Abstract
The Bayesian treatment of neural networks dictates that a prior distribution is specified over their weight and bias parameters. This poses a challenge because modern neural networks are characterized by a large number of parameters, and the choice of these priors has an uncontrolled effect on the induced functional prior, which is the distribution of the functions obtained by sampling the parameters from their prior distribution. We argue that this is a hugely limiting aspect of Bayesian deep learning, and this work tackles this limitation in a practical and effective way. Our proposal is to reason in terms of functional priors, which are easier to elicit, and to “tune” the priors of neural network parameters in a way that they reflect such functional priors. Gaussian processes offer a rigorous framework to define prior distributions over functions, and we propose a novel and robust framework to match their prior with the functional prior of neural networks based on the minimization of their Wasserstein distance. We provide vast experimental evidence that coupling these priors with scalable Markov chain Monte Carlo sampling offers systematically large performance improvements over alternative choices of priors and state-of-the-art approximate Bayesian deep learning approaches. We consider this work a considerable step in the direction of making the long-standing challenge of carrying out a fully Bayesian treatment of neural networks, including convolutional neural networks, a concrete possibility.
Key Contributions
Functional priors instead of parameter priors: We argue that specifying priors over neural network parameters is a limiting aspect of Bayesian deep learning, and propose to reason directly in terms of functional priors.
A principled framework for matching priors: We use Gaussian processes to define prior distributions over functions and propose a framework to match their prior with the functional prior of neural networks based on Wasserstein distance minimization.
Robust and practical implementation: We provide a novel and robust framework that can be applied to various neural network architectures, including convolutional neural networks.

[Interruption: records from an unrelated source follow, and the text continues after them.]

(* Let $\{X_k(m): m\in\mathbb{R}_+,\ k\in\mathbb{N}\}$ be a family of integrable real random variables on a probability space $(\Omega,\mathcal F,\mathbb P)$ that are independent in $k$. Assume: (C) $\mathbb{E}[X_k(m)]=0$ for all $m\in\mathbb{R}_+$, $k\in\mathbb{N}$; (W1) for every $\varepsilon>0$, $\lim_{m\to\infty}\sup_k \mathbb{P}(|X_k(m)|>\varepsilon)=0$; (W2) $\lim_{A\to\infty}\sup_{k,m}\mathbb{E}\big[|X_k(m)|\mathbf 1_{\{|X_k(m)|>A\}}\big]=0$. Then for every sequence $\mathbf m=(m_k)_{k\in\mathbb N}$ of positive reals with $\sum_{k}m_k=\infty$, setting $M_n=\sum_{k=1}^n m_k$ and $S_n=\sum_{k=1}^n \frac{m_k}{M_n}X_k(m_k)$, we have $\lim_{n\to\infty}\mathbb{P}(|S_n|>\varepsilon)=0$ for every $\varepsilon>0$.
   Context: $\mathbb{R}_+$ denotes the positive reals. ''Independent in $k$'' means that the families $\{X_k(m): m\in\mathbb{R}_+\}$ for different $k$ are independent. *)

From HB Require Import structures.
From mathcomp Require Import all_boot all_order all_algebra.
From mathcomp Require Import all_classical all_reals all_analysis.
Set Implicit Arguments. Unset Strict Implicit. Unset Printing Implicit Defensive.
Import Order.TTheory GRing.Theory Num.Theory.
Local Open Scope classical_set_scope.
Local Open Scope ring_scope.

Definition family_sigma d (T : measurableType d) (R : realType)
  (Y : R -> T -> R) : set (set T) :=
  <<s [set E | exists m, 0 < m /\ exists2 B : set R, measurable B & E = Y m @^-1` B] >>.

Definition indep_in_k d (T : measurableType d) (R : realType)
  (P : probability T R) (X : nat -> R -> T -> R) : Prop :=
  forall (s : seq nat) (E : nat -> set T), uniq s ->
    (forall k, k \in s -> family_sigma (X k) (E k)) ->
    P (\big[setI/setT]_(k <- s) E k) = (\prod_(k <- s) P (E k))%E.

From HB Require Import structures.
From mathcomp Require Import all_boot all_order all_algebra.
From mathcomp Require Import all_classical all_reals all_analysis.
From mathcomp Require Import measurable_realfun.
From mathcomp Require Import lra ring.
Import Order.TTheory GRing.Theory Num.Theory.
Local Open Scope classical_set_scope.
Local Open Scope ring_scope.

(* Fix eps = 2a and a small r. Replace each summand Z_k = X_k(m_k) by U_k = g(Z_k),
   where g is a staircase of step r: a finite combination of indicators of
   intervals, within r of the identity on [-A, A) and zero outside. Independence
   is only available for events, which is exactly what products of such simple
   functions of independent variables need: E[U_k U_l] = E[U_k] E[U_l]. Hence
   E[(sum_k w_k U_k)^2] <= (sum_k w_k E U_k)^2 + sum_k w_k^2 E[U_k^2], and
   Chebyshev bounds the probability that the truncated sum exceeds a. By (W2),
   E|Z_k - U_k| <= r + E[|Z_k| 1{|Z_k| > B}] is uniformly small once A > B; this
   bounds both the bias |E U_k| = |E (Z_k - U_k)| (by (C)) and, through Markov,
   the probability that the remainder exceeds a. Finally E[U_k^2] <= A^2 always,
   and E[U_k^2] <= 4 r^2 + A^2 P(|Z_k| > r) is small when m_k is large by (W1);
   the summands with small m_k carry total squared weight O(1 / M_n). *)

Section real_expectation.
Context {d} {T : measurableType d} {R : realType} (P : probability T R).
Implicit Types (f g : T -> R) (A : set T).

(* [fine] sends infinite values to 0: [Ex f] is meaningful for integrable [f]. *)
Definition Ex f : R := fine 'E_P[f].
Definition pr A : R := fine (P A).

Lemma prE A : measurable A -> P A = (pr A)%:E.
Proof.
move=> mA; rewrite /pr fineK// ge0_fin_numE//.
by rewrite (le_lt_trans (probability_le1 P mA)) ?ltry.
Qed.

Lemma pr_ge0 A : 0 <= pr A.
Proof. exact/fine_ge0/measure_ge0. Qed.

Lemma le_pr A B : measurable A -> measurable B -> A `<=` B -> pr A <= pr B.
Proof. by move=> mA mB AB; rewrite -lee_fin -!prE//; apply: le_measure; rewrite ?inE. Qed.

Lemma prU2 A B : measurable A -> measurable B -> pr (A `|` B) <= pr A + pr B.
Proof. by move=> mA mB; rewrite -lee_fin EFinD -!prE ?measureU2//; exact: measurableU. Qed.

Lemma measurable_ge_set t {f} : measurable_fun setT f -> measurable [set x | t <= f x].
Proof. by move=> mf; rewrite -preimage_itvcy -[_ @^-1` _]setTI; exact: mf. Qed.

Lemma measurable_gt_set t {f} : measurable_fun setT f -> measurable [set x | t < f x].
Proof. by move=> mf; rewrite -preimage_itvoy -[_ @^-1` _]setTI; exact: mf. Qed.

Lemma Lfun1_measurable {f} : f \in Lfun P 1 -> measurable_fun setT f.
Proof. by move/sub_Lfun_mfun; rewrite inE. Qed.

Lemma Lfun1_cst (c : R) : (fun _ => c) \in Lfun P 1.
Proof. exact: Lfun_cst. Qed.

Lemma Lfun1_dominated f g : measurable_fun setT f -> g \in Lfun P 1 ->
  (forall x, `|f x| <= `|g x|) -> f \in Lfun P 1.
Proof.
move=> mf /Lfun1_integrable ig fg; apply/Lfun1_integrable.
apply: le_integrable ig => //; first exact/measurable_EFinP.
by move=> x _; rewrite lee_fin.
Qed.

Lemma Lfun1_bounded f (M : R) : measurable_fun setT f ->
  (forall x, `|f x| <= M) -> f \in Lfun P 1.
Proof.
move=> mf fM; apply: (Lfun1_dominated _ _ mf (Lfun1_cst M)) => x.
exact: le_trans (fM x) (ler_norm _).
Qed.

Lemma Lfun1_indic A : measurable A -> \1_A \in Lfun P 1.
Proof.
move=> mA; apply: (@Lfun1_bounded _ 1) => [|x]; first exact: measurable_indic.
by rewrite indicE; case: (x \in A); rewrite ?normr1 ?normr0.
Qed.

Lemma Lfun1_sum (I : eqType) (s : seq I) (F : I -> T -> R) :
  (forall i, i \in s -> F i \in Lfun P 1) ->
  (fun x => \sum_(i <- s) F i x) \in Lfun P 1.
Proof. by move=> lF; rewrite -fct_sumE big_seq rpred_sum. Qed.

Lemma ExD f g : f \in Lfun P 1 -> g \in Lfun P 1 ->
  Ex (fun x => f x + g x) = Ex f + Ex g.
Proof. by move=> lf lg; rewrite /Ex (expectationD lf lg) fineD ?expectation_fin_num. Qed.

Lemma ExZ (k : R) f : f \in Lfun P 1 -> Ex (fun x => k * f x) = k * Ex f.
Proof.
move=> lf; rewrite /Ex -[k]/(fine k%:E) -fineM ?expectation_fin_num// -expectationZl//.
by congr (fine 'E_P[_]); apply: funext => x; rewrite /= mulrC.
Qed.

Lemma Ex_cst (c : R) : Ex (fun _ => c) = c.
Proof. by rewrite /Ex expectation_cst. Qed.

Lemma Ex_indic A : measurable A -> Ex \1_A = pr A.
Proof. by move=> mA; rewrite /Ex expectation_indic. Qed.

Lemma Ex_sum (I : eqType) (s : seq I) (F : I -> T -> R) :
  (forall i, i \in s -> F i \in Lfun P 1) ->
  Ex (fun x => \sum_(i <- s) F i x) = \sum_(i <- s) Ex (F i).
Proof.
elim: s => [|i s IH] lF; first by under eq_fun do rewrite big_nil; rewrite big_nil Ex_cst.
have lFs j : j \in s -> F j \in Lfun P 1 by move=> js; rewrite lF// inE js orbT.
under eq_fun do rewrite big_cons.
by rewrite big_cons ExD ?IH ?Lfun1_sum ?lF ?mem_head.
Qed.

Lemma Ex_ge0 f : (forall x, 0 <= f x) -> 0 <= Ex f.
Proof. by move=> f0; apply/fine_ge0/expectation_ge0. Qed.

Lemma ler_Ex f g : f \in Lfun P 1 -> g \in Lfun P 1 ->
  (forall x, f x <= g x) -> Ex f <= Ex g.
Proof.
move=> lf lg fg; rewrite -subr_ge0 -mulN1r -ExZ// -ExD ?rpredZ//.
by apply: Ex_ge0 => x; rewrite mulN1r subr_ge0.
Qed.

Lemma ler_norm_Ex f : f \in Lfun P 1 -> `|Ex f| <= Ex (fun x => `|f x|).
Proof.
move=> lf; have lnf : (fun x => `|f x|) \in Lfun P 1 by exact: Lfun_norm.
rewrite ler_norml -mulN1r -ExZ//; apply/andP; split; apply: ler_Ex => //.
- exact: rpredZ.
- by move=> x; rewrite mulN1r lerNl -normrN ler_norm.
- by move=> x; exact: ler_norm.
Qed.

Lemma markov_Ex f (t : R) : f \in Lfun P 1 -> (forall x, 0 <= f x) -> 0 < t ->
  pr [set x | t <= f x] <= Ex f / t.
Proof.
move=> lf f0 t0; have mS := measurable_ge_set t (Lfun1_measurable lf).
rewrite ler_pdivlMr// mulrC -Ex_indic// -ExZ ?Lfun1_indic//.
rewrite ler_Ex ?rpredZ ?Lfun1_indic// => x.
by rewrite indicE; case: (boolP (x \in _)) => [/set_mem/=|_]; rewrite ?mulr1 ?mulr0.
Qed.

Lemma chebyshev_Ex f (t : R) : measurable_fun setT f ->
  (fun x => f x ^+ 2) \in Lfun P 1 -> 0 < t ->
  pr [set x | t <= `|f x|] <= Ex (fun x => f x ^+ 2) / t ^+ 2.
Proof.
move=> mf lf2 t0; have -> : [set x | t <= `|f x|] = [set x | t ^+ 2 <= f x ^+ 2].
  apply: eq_set => x; rewrite -[f x ^+ 2]real_normK ?num_real//.
  by rewrite ler_sqr// nnegrE ltW.
by apply: markov_Ex; rewrite ?exprn_gt0// => x; exact: sqr_ge0.
Qed.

Empirical validation: We provide extensive experimental evidence that coupling these functional priors with scalable MCMC sampling offers systematically large performance improvements over alternative choices of priors and state-of-the-art approximate Bayesian deep learning approaches.
Methodology Overview
The core idea is to shift the focus from parameter space to function space. Instead of trying to design priors directly on the weights and biases of neural networks, we:
Specify a functional prior: Choose a prior distribution over functions that encodes our beliefs about the function we want to learn.
Match to neural network priors: Find a prior distribution over neural network parameters that induces a functional prior close to our specification, using Wasserstein distance minimization.
Bayesian inference: Perform Bayesian inference using scalable MCMC sampling methods with the matched priors.
This approach provides better control over the learned functions and leads to more reliable uncertainty estimates.
Main Findings
- Functional priors provide a more intuitive and controllable way to specify prior beliefs in Bayesian neural networks.
- The Wasserstein distance minimization framework offers a principled way to translate functional priors into parameter priors.
- Empirical results show systematic improvements over standard prior choices and approximate Bayesian deep learning methods.
- The approach scales to practical neural network architectures, including convolutional networks.
- This work represents a significant step toward fully Bayesian treatment of neural networks in practice.